Sofort nach dem Auflaufen wurde jede nur denkbare Anstrengung unternommen sofort wieder freizukommen.Es lag aber so fest leicht auf seiner Steuerbordseite auf,daß es nicht loskam.
Die Passagieren waren ruhig und gefaßt.Ihnen machten diese Schaukelbewegungen nichts aus, da sie ähnliche Schiffsbewegungen gewöhnt waren durch ihren Aufenthalt auf der S.S. Pera am Kai von Alexandria. jeder von ihnen tat sein bestes der Besatzung bei ihrer Arbeit zu helfen.Sie halfen an Tauen zu ziehen,warfen Ladung über Bord,hielfen an der Ankerwinde und halfen mit die Anker am Heck auszubringen.Nach und nach machte sich aber die Gewißheit breit,daß nicht einmal die Great Eastern uns hätte freischleppen können. (Anm.: Die Great Eastern war das größte Schiff der Welt zu dieser Zeit) So vergingen auch die Mahlzeiten wie gehabt dann wieder im gewohnten Gang, es wurden zum Zeitvertreib dann auch erstaunlich gefärbte Fische aus dem Meer geangelt.
Gegen Mittag drängten die ängstlichen Seelen unter den Passagieren den Kapitän dazu, doch eine Stellungnahme abzugeben über das,was er zu tun gedenke.Die meisten von uns dachten jedoch,daß es besser wäre abzuwarten und auf seine Instruktionen zu warten.Um 17.30 Uhr kam dann der Kapitän zu uns am Heck und sprach zum ersten Mal mit uns und dankte für die gezeigte Disziplin und schlug vor ein Komitee zu benennen dem er seine gedanken und den Zustand des Schiffes mitteilen würde.Nachdem drei von uns ausgesucht wurden und sofort nachfragten kamen wir aber zu dem Schluß,daß es nun -die Dämmerung hatte eingesetzt und die ausgesetzten Rettungsboote waren noch nicht ausgerüstet und mit Nahrungsmitteln ausgestattet- da auch das Wetter ruhig war,besser war noch an Bord zu bleiben und erst am Morgen an der Küste anzulanden.
Ich für meinen Teil ging unter Deck und legte mich ausgezogen schlafen bis ich gegen ein Uhr morgens geweckt wurde.Ein Mann sagte mir,daß das Wasser mittlerweile so hoch stände,daß es fast die Kessel zum erlöschen brächte.Dies wiederum würde bedeuten,daß die Pumpen mangels Energie aufhören würden,das eingedrungene Wasser außenbords zu befördern.

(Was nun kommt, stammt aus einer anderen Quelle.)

(* Let $p\in\mathbb N$. (i) If $\mathbf K$ is a finite field, the group $\mathrm{GL}_{p-rec}(\mathbf K)$ is residually finite. (ii) If $\mathbf K$ is an arbitrary (commutative) field, every finitely generated subgroup $\Gamma\subset\mathrm{GL}_{p-rec}(\mathbf K)$ is residually finite.
   Context: $\mathcal M_{p\times p}$ is the monoid of pairs $(U,W)$ of words of common length over $\{0,\dots,p-1\}$. For $A:\mathcal M_{p\times p}\to\mathbf K$ (values $A[U,W]$), shift maps act by $(\rho(S,T)A)[U,W]=A[US,WT]$; $\mathrm{Rec}_{p\times p}(\mathbf K)$ is the set of $A$ for which the span of $\{\rho(S,T)A\}$ is finite-dimensional. It is an algebra for $(AB)[U,W]=\sum_{V\in\{0,\dots,p-1\}^l}A[U,V]B[V,W]$ ($(U,W)$ of length $l$) with identity $\mathrm{Id}[U,W]=\delta_{U,W}$. $\mathrm{GL}_{p-rec}(\mathbf K)$ is the group of units of $\mathrm{Rec}_{p\times p}(\mathbf K)$. A group $\Gamma$ is residually finite if for every $\gamma\ne1$ there is a homomorphism $\pi$ to a finite group with $\pi(\gamma)\ne1$. *)

From mathcomp Require Import all_boot all_algebra all_fingroup.
From Stdlib Require List.
Set Implicit Arguments. Unset Strict Implicit. Unset Printing Implicit Defensive.
Import GRing.Theory.
Local Open Scope ring_scope.

(* A function on the monoid M_{p x p}: for each common length n, a value
   A[U,W] for every pair of words U, W of length n over {0,...,p-1}. *)
Definition Mfun (K : Type) (p : nat) :=
  forall n : nat, n.-tuple 'I_p -> n.-tuple 'I_p -> K.

Definition shift (K : Type) (p m : nat) (S T : m.-tuple 'I_p) (A : Mfun K p)
  : Mfun K p :=
  fun n U W => A (n + m)%N (cat_tuple U S) (cat_tuple W T).

(* A is recognizable: the span of all shifts rho(S,T)A lies in the span of
   finitely many functions B_0..B_{d-1}, i.e. is finite-dimensional. *)
Definition recognizable (K : fieldType) (p : nat) (A : Mfun K p) : Prop :=
  exists (d : nat) (B : 'I_d -> Mfun K p),
    forall (m : nat) (S T : m.-tuple 'I_p),
      exists c : 'I_d -> K,
        shift S T A = (fun n U W => \sum_(i < d) c i * B i n U W).

Definition mulM (K : fieldType) (p : nat) (A B : Mfun K p) : Mfun K p :=
  fun n U W => \sum_(V : n.-tuple 'I_p) A n U V * B n V W.

Definition idM (K : fieldType) (p : nat) : Mfun K p :=
  fun n U W => (U == W)%:R.

Definition GLrec (K : fieldType) (p : nat) (A : Mfun K p) : Prop :=
  recognizable A /\
  exists B, recognizable B /\ mulM A B = @idM K p /\ mulM B A = @idM K p.

Inductive gen_subgroup (K : fieldType) (p : nat) (gens : seq (Mfun K p))
  : Mfun K p -> Prop :=
| gen_one : gen_subgroup gens (@idM K p)
| gen_gen : forall A, List.In A gens -> gen_subgroup gens A
| gen_mul : forall A B, gen_subgroup gens A -> gen_subgroup gens B ->
            gen_subgroup gens (mulM A B)
| gen_inv : forall A B, gen_subgroup gens A ->
            mulM A B = @idM K p -> mulM B A = @idM K p -> gen_subgroup gens B.

Definition residually_finite (X : Type) (mul : X -> X -> X) (one : X)
  (G : X -> Prop) : Prop :=
  forall g, G g -> g <> one ->
    exists (gT : finGroupType) (pi : X -> gT),
      (forall a b, G a -> G b -> pi (mul a b) = (pi a * pi b)%g) /\
      pi g != 1%g.

(* Restricting to pairs of words of a fixed length n is multiplicative, so it
   maps GL_{p-rec}(K) homomorphically into GL_N(K), N = p^n, and every g <> 1
   already differs from the identity at some length n.  For finite K the target
   is finite.  For a finitely generated subgroup, all level-n matrices have
   entries in the subring R of K generated by the level-n entries of the
   generators and of their inverses, and some morphism from R to a finite field
   does not kill the nonzero entry of g - 1 (Malcev); composing with it gives
   the finite quotient.
   The Malcev step adjoins one generator b at a time: for 0 <> x in R[b] there
   is 0 <> y in R such that every morphism psi : R -> F (F finite) with
   psi y <> 0 extends to R[b] -> F' (F' a finite extension of F) without
   killing x, by sending b to a root of psi(f), f a minimal polynomial of b over
   R, or, if b is transcendental over R, to a root of X psi(g) - 1 where
   x = g(b). *)

From mathcomp Require Import all_boot all_algebra all_fingroup all_field zify.
From Stdlib Require Import ClassicalEpsilon Classical FunctionalExtensionality.
From Stdlib Require List.
Set Implicit Arguments. Unset Strict Implicit. Unset Printing Implicit Defensive.
Import GRing.Theory.
Local Open Scope ring_scope.

(** * Subrings and morphisms defined on them *)

Section Subring.
Variable K : nzRingType.

Record subring (S : K -> Prop) : Prop := Subring {
  subring0 : S 0;
  subring1 : S 1;
  subringD : forall a b, S a -> S b -> S (a + b);
  subringN : forall a, S a -> S (- a);
  subringM : forall a b, S a -> S b -> S (a * b) }.

Record subring_morph (S : K -> Prop) (F : nzRingType) (phi : K -> F) : Prop :=
  SubringMorph {
  morph1 : phi 1 = 1;
  morphD : forall a b, S a -> S b -> phi (a + b) = phi a + phi b;
  morphM : forall a b, S a -> S b -> phi (a * b) = phi a * phi b }.

Variable S : K -> Prop.
Hypothesis HS : subring S.

Lemma subringB a b : S a -> S b -> S (a - b).
Proof. by move=> Sa Sb; apply: subringD (subringN HS Sb). Qed.

Lemma subringX a k : S a -> S (a ^+ k).
Proof.
move=> Sa; elim: k => [|k IHk]; first by rewrite expr0; apply: subring1.
by rewrite exprS; apply: subringM.
Qed.

Lemma subring_nat k : S k%:R.
Proof.
elim: k => [|k IHk]; first exact: subring0.
by rewrite -addn1 natrD; apply: subringD => //; apply: subring1.
Qed.

Lemma subring_sum (I : Type) (r : seq I) (f : I -> K) :
  (forall i, S (f i)) -> S (\sum_(i <- r) f i).
Proof.
move=> Sf; elim: r => [|i r IHr]; first by rewrite big_nil; apply: subring0.
by rewrite big_cons; apply: subringD.
Qed.

Variables (F : nzRingType) (phi : K -> F).
Hypothesis Hphi : subring_morph S phi.

Lemma morph0 : phi 0 = 0.
Proof.
apply: (addrI (phi 0)); rewrite addr0 -(morphD Hphi) ?addr0 //; exact: subring0.
Qed.

Lemma morphN a : S a -> phi (- a) = - phi a.
Proof.
move=> Sa; apply: (addrI (phi a)); rewrite subrr -(morphD Hphi) ?subrr ?morph0 //.
exact: subringN.
Qed.

Lemma morphB a b : S a -> S b -> phi (a - b) = phi a - phi b.
Proof. by move=> Sa Sb; rewrite (morphD Hphi) ?morphN //; apply: subringN. Qed.

Lemma morphX a k : S a -> phi (a ^+ k) = phi a ^+ k.
Proof.
move=> Sa; elim: k => [|k IHk]; first by rewrite !expr0 (morph1 Hphi).
by rewrite !exprS (morphM Hphi) ?IHk //; apply: subringX.
Qed.

Lemma morph_nat k : phi k%:R = k%:R.
Proof.
elim: k => [|k IHk]; first exact: morph0.
by rewrite -addn1 !natrD (morphD Hphi) ?IHk ?(morph1 Hphi) //;
  [apply: subring_nat | apply: subring1].
Qed.

Lemma morph_sum (I : Type) (r : seq I) (f : I -> K) :
  (forall i, S (f i)) -> phi (\sum_(i <- r) f i) = \sum_(i <- r) phi (f i).
Proof.
move=> Sf; elim: r => [|i r IHr]; first by rewrite !big_nil morph0.
by rewrite !big_cons (morphD Hphi) ?IHr //; apply: subring_sum.
Qed.

Lemma subring_morph_comp (F' : nzRingType) (iota : {rmorphism F -> F'}) :
  subring_morph S (iota \o phi).
Proof.
split=> [|a b Sa Sb|a b Sa Sb] /=; first by rewrite (morph1 Hphi) rmorph1.
  by rewrite (morphD Hphi) ?rmorphD.
by rewrite (morphM Hphi) ?rmorphM.
Qed.

End Subring.

(** * Polynomials over a subring and simple extensions *)

Lemma size_sub_lead (R : nzRingType) (p q : {poly R}) :
  p != 0 -> size p = size q -> lead_coef p = lead_coef q -> (size (p - q)%R < size p)%N.
Proof.
move=> nz_p eq_size eq_lead; have sp_gt0 : (0 < size p)%N by rewrite size_poly_gt0.
rewrite -(prednK sp_gt0) ltnS; apply/leq_sizeP => j; rewrite leq_eqVlt coefB.
case/orP=> [/eqP <- | lt_pj]; rewrite ?[in q`_ _]eq_size.
  by rewrite -!lead_coefE eq_lead subrr.
by rewrite !nth_default ?subrr // -?eq_size -(prednK sp_gt0).
Qed.

Section PolyOver.
Variable K : idomainType.
Variable S : K -> Prop.
Hypothesis HS : subring S.

Definition poly_over (h : {poly K}) := forall i, S h`_i.

Lemma poly_over0 : poly_over 0.
Proof. by move=> i; rewrite coef0; apply: subring0. Qed.

Lemma poly_overC c : S c -> poly_over c%:P.
Proof. by move=> Sc i; rewrite coefC; case: eqP => _ //; apply: subring0. Qed.

Lemma poly_overXn k : poly_over 'X^k.
Proof. by move=> i; rewrite coefXn; apply: subring_nat. Qed.

Lemma poly_overD h1 h2 : poly_over h1 -> poly_over h2 -> poly_over (h1 + h2).
Proof. by move=> S1 S2 i; rewrite coefD; apply: subringD. Qed.

Lemma poly_overN h : poly_over h -> poly_over (- h).
Proof. by move=> Sh i; rewrite coefN; apply: subringN. Qed.

Lemma poly_overB h1 h2 : poly_over h1 -> poly_over h2 -> poly_over (h1 - h2).
Proof. by move=> S1 S2; apply: poly_overD (poly_overN S2). Qed.

Lemma poly_overM h1 h2 : poly_over h1 -> poly_over h2 -> poly_over (h1 * h2).
Proof. by move=> S1 S2 i; rewrite coefM; apply: subring_sum => // j; apply: subringM. Qed.

Lemma poly_overZ c h : S c -> poly_over h -> poly_over (c *: h).
Proof. by move=> Sc Sh i; rewrite coefZ; apply: subringM. Qed.

Lemma pseudo_divp_over f h : poly_over f -> poly_over h -> f != 0 ->
  exists k q r, [/\ poly_over q, poly_over r, (size r < size f)%N
                  & lead_coef f ^+ k *: h = q * f + r].
Proof.
move=> Sf Sh nz_f; have [n] := ubnP (size h); elim: n h Sh => // n IHn h Sh.
rewrite ltnS => le_hn; case: (ltnP (size h) (size f)) => [lt_hf | le_fh].
  exists 0%N, 0, h; split=> //; last by rewrite expr0 scale1r mul0r add0r.
  exact: poly_over0.
set c := lead_coef f; set m := (size h - size f)%N.
have nz_c : c != 0 by rewrite lead_coef_eq0.
have nz_h : h != 0 by rewrite -size_poly_gt0 (leq_trans _ le_fh) ?size_poly_gt0.
have nz_lh : lead_coef h != 0 by rewrite lead_coef_eq0.
have Sc : S c := Sf _.
have Slh : S (lead_coef h) := Sh _.
set h' := c *: h - lead_coef h *: (f * 'X^m).
have Sh' : poly_over h'.
  by apply: poly_overB; apply: poly_overZ => //; apply: poly_overM => //; apply: poly_overXn.
have lt_h' : (size h' < size h)%N.
  rewrite -[in X in (_ < X)%N](size_scale h nz_c) size_sub_lead //.
  - by rewrite scale_poly_eq0 negb_or nz_c.
  - by rewrite !size_scale ?size_mulXn ?subnK.
  - by rewrite !lead_coefZ lead_coefM lead_coefXn mulr1 mulrC.
have [k [q [r [Sq Sr lt_rf Eh']]]] := IHn h' Sh' (leq_trans lt_h' le_hn).
exists k.+1, (q + (c ^+ k * lead_coef h) *: 'X^m), r; split=> //.
  apply: poly_overD Sq (poly_overZ _ (poly_overXn _)).
  exact: subringM (subringX HS _ Sc) Slh.
have -> : lead_coef f ^+ k.+1 *: h = c ^+ k *: h' + (c ^+ k * lead_coef h) *: (f * 'X^m).
  by rewrite /h' scalerBr scalerA -exprSr -scalerA subrK.
by rewrite Eh' mulrDl -scalerAl (mulrC 'X^m) addrAC.
Qed.

Definition adjoin (b z : K) := exists2 h, poly_over h & h.[b] = z.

Die Passagiere sammelten sich nun schnell auf dem Vorderdeck.Es wurde dann noch ein letzter Versuch unternommen das Boot zu retten,indem mit Segelsetzen das Boot fester und höher auf das Riff gefahren werden sollte.Der Versuch mißlang und der Befehl zum bemannen der Rettungsboote wurde gegeben.Um zehn vor elf am Vormittag dann-ich befand mich noch auf dem Schiff- hörten wir einen angsteinflößendes Brechen.Das Schiff brach mittschiffs entzwei und ich fiel zusammen mit dem halben Schiff,Gepäck,Ladung,Postsäcken und einer 18-Pfünderkanone in die See. Der Mahlstrom zog mich runter bis es Dunkel um mich wurde. Zerschlagen,blutend und halb taub tauchte ich wieder auf.Mir bot sich ein atemberaubender Anblick von Köpfen,Armen,Beinen, Ballen von Handelsware, Kisten, Schafen und Gegenständen aller Arten die durch das tosende Wasser hin- und  hergeworfen wurden.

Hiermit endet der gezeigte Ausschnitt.